The allowas-in command allows BGP to accept an update even if it contains its own AS.

To demonstrate this behavior, R1 (AS 65001) and R2 (AS 65001) will form an eBGP peering.
R2 will send a modified BGP update to R1, where the AS_PATH attribute has been
manipulated to include R1’s AS number. Two networks will be advertised but only one will
have the altered AS_PATH attribute, so that the difference can be shown clearly. The
Loopback0 network (2.2.2.2/32) and the directly connected network to R3 (10.10.23.0/24)
will be added to BGP using the network command.

However, before the BGP updates are manipulated, a baseline shall be established to see
how R2 would advertise the routes normally.

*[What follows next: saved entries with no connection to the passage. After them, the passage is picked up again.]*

Lemma rank_ge_pid m n p r (M : 'M[R]_(m, n)) (Q : 'M[R]_(n, p)) :
  (r <= m)%N -> (r <= p)%N -> M *m Q = pid_mx r -> (r <= \rank M)%N.
Proof. by move=> rm rp MQ; have := mxrankM_maxl M Q; rewrite MQ rank_pid_mx. Qed.

Lemma eqmx_kermx_col m n (M : 'M[R]_(m, n)) (N : 'cV[R]_n) :
  M *m N = 0 -> (n - 1 <= \rank M)%N -> N != 0 -> (M == kermx N)%MS.
Proof.
move=> MN rM N0.
have rN : \rank N = 1%N.
  by apply/eqP; rewrite eqn_leq rank_leq_col lt0n mxrank_eq0 N0.
have sM : (M <= kermx N)%MS by rewrite sub_kermx MN.
rewrite -(mxrank_leqif_eq sM) mxrank_ker rN eqn_leq rM andbT.
by have := mxrankS sM; rewrite mxrank_ker rN.
Qed.

Lemma pid_mx2 : pid_mx 2 = M3 1 0 0 0 1 0 0 0 0.
Proof. by apply/matrixP => i j; rewrite !mxE; case_ord3 i; case_ord3 j. Qed.

Lemma span2_X2X1 : (span2 (X2 R) (X1 R) == kermx (c3 0 0 1))%MS.
Proof.
rewrite X2E X1E span2E; apply: eqmx_kermx_col; last by rewrite c3_neq0 oner_neq0 !orbT.
  by rewrite mul_mx3_c3 -c3_0; congr c3; ring.
apply: (rank_ge_pid (Q := M3 0 1 0 1 0 0 0 0 0)) => //.
by rewrite pid_mx2 mul_mx3; congr mx3; ring.
Qed.

Lemma span2_X3X1 : (span2 (X3 R) (X1 R) == kermx (c3 0 1 0))%MS.
Proof.
rewrite X3E X1E span2E; apply: eqmx_kermx_col; last by rewrite c3_neq0 oner_neq0 !orbT.
  by rewrite mul_mx3_c3 -c3_0; congr c3; ring.
apply: (rank_ge_pid (Q := M3 0 1 0 0 0 0 1 0 0)) => //.
by rewrite pid_mx2 mul_mx3; congr mx3; ring.
Qed.

Lemma span2_X2X3 : (span2 (X2 R) (X3 R) == kermx (c3 1 0 0))%MS.
Proof.
rewrite X2E X3E span2E; apply: eqmx_kermx_col; last by rewrite c3_neq0 oner_neq0.
  by rewrite mul_mx3_c3 -c3_0; congr c3; ring.
apply: (rank_ge_pid (Q := M3 0 0 0 1 0 0 0 1 0)) => //.
by rewrite pid_mx2 mul_mx3; congr mx3; ring.
Qed.

Lemma sol_aut_upper (p q al be : R) :
  al != 0 -> be != 0 -> sol_aut (M3 1 p q 0 al 0 0 0 be).
Proof.
move=> al0 be0; split.
  rewrite unitmxE unitfE det_mx3 (_ : _ + _ = al * be) ?mulf_neq0 //; ring.
move=> u v; rewrite [u]r3_eta [v]r3_eta !mul_r3_mx3 !sol_brE mul_r3_mx3.
by congr r3; ring.
Qed.

Lemma sol_aut_swap (p q al be : R) :
  al != 0 -> be != 0 -> sol_aut (M3 (-1) p q 0 0 al 0 be 0).
Proof.
move=> al0 be0; split.
  rewrite unitmxE unitfE det_mx3 (_ : _ + _ = al * be) ?mulf_neq0 //; ring.
move=> u v; rewrite [u]r3_eta [v]r3_eta !mul_r3_mx3 !sol_brE mul_r3_mx3.
by congr r3; ring.
Qed.

Lemma kundt_equiv_kermx (H G H0 G0 A : 'M[R]_3) (N N0 : 'cV[R]_3) k :
  \rank H = 2%N -> H *m N = 0 -> (H0 == kermx N0)%MS -> N0 != 0 ->
  sol_aut A -> A *m N0 = k *: N -> A *m G0 *m A^T = G -> kundt_equiv H G H0 G0.
Proof.
move=> rH HN H0N0 N00 [Au Aaut] AN0 AG0; exists A; do !split => //.
have HA : (H *m A == kermx N0)%MS.
  apply: eqmx_kermx_col; first by rewrite -mulmxA AN0 -scalemxAr HN scaler0.
    by rewrite mxrankMfree ?row_free_unit // rH.
  exact: N00.
exact/eqmxP/(eqmx_trans (eqmxP HA) (eqmx_sym (eqmxP H0N0))).
Qed.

First, eBGP peering is configured between R1 and R2 over the directly connected network.

R1#
router bgp 65001
neighbor 10.10.12.2 remote-as 65002

R2#
router bgp 65002
neighbor 10.10.12.1 remote-as 65001

Second, the networks are advertised on R2.

router bgp 65002

network 2.2.2.2 mask 255.255.255.255
network 10.10.23.0 mask 255.255.255.0

NOTE: The network command in BGP works differently from IGPs. There must be an exact
match in the routing table. If the mask parameter is left out, a classful mask is assumed.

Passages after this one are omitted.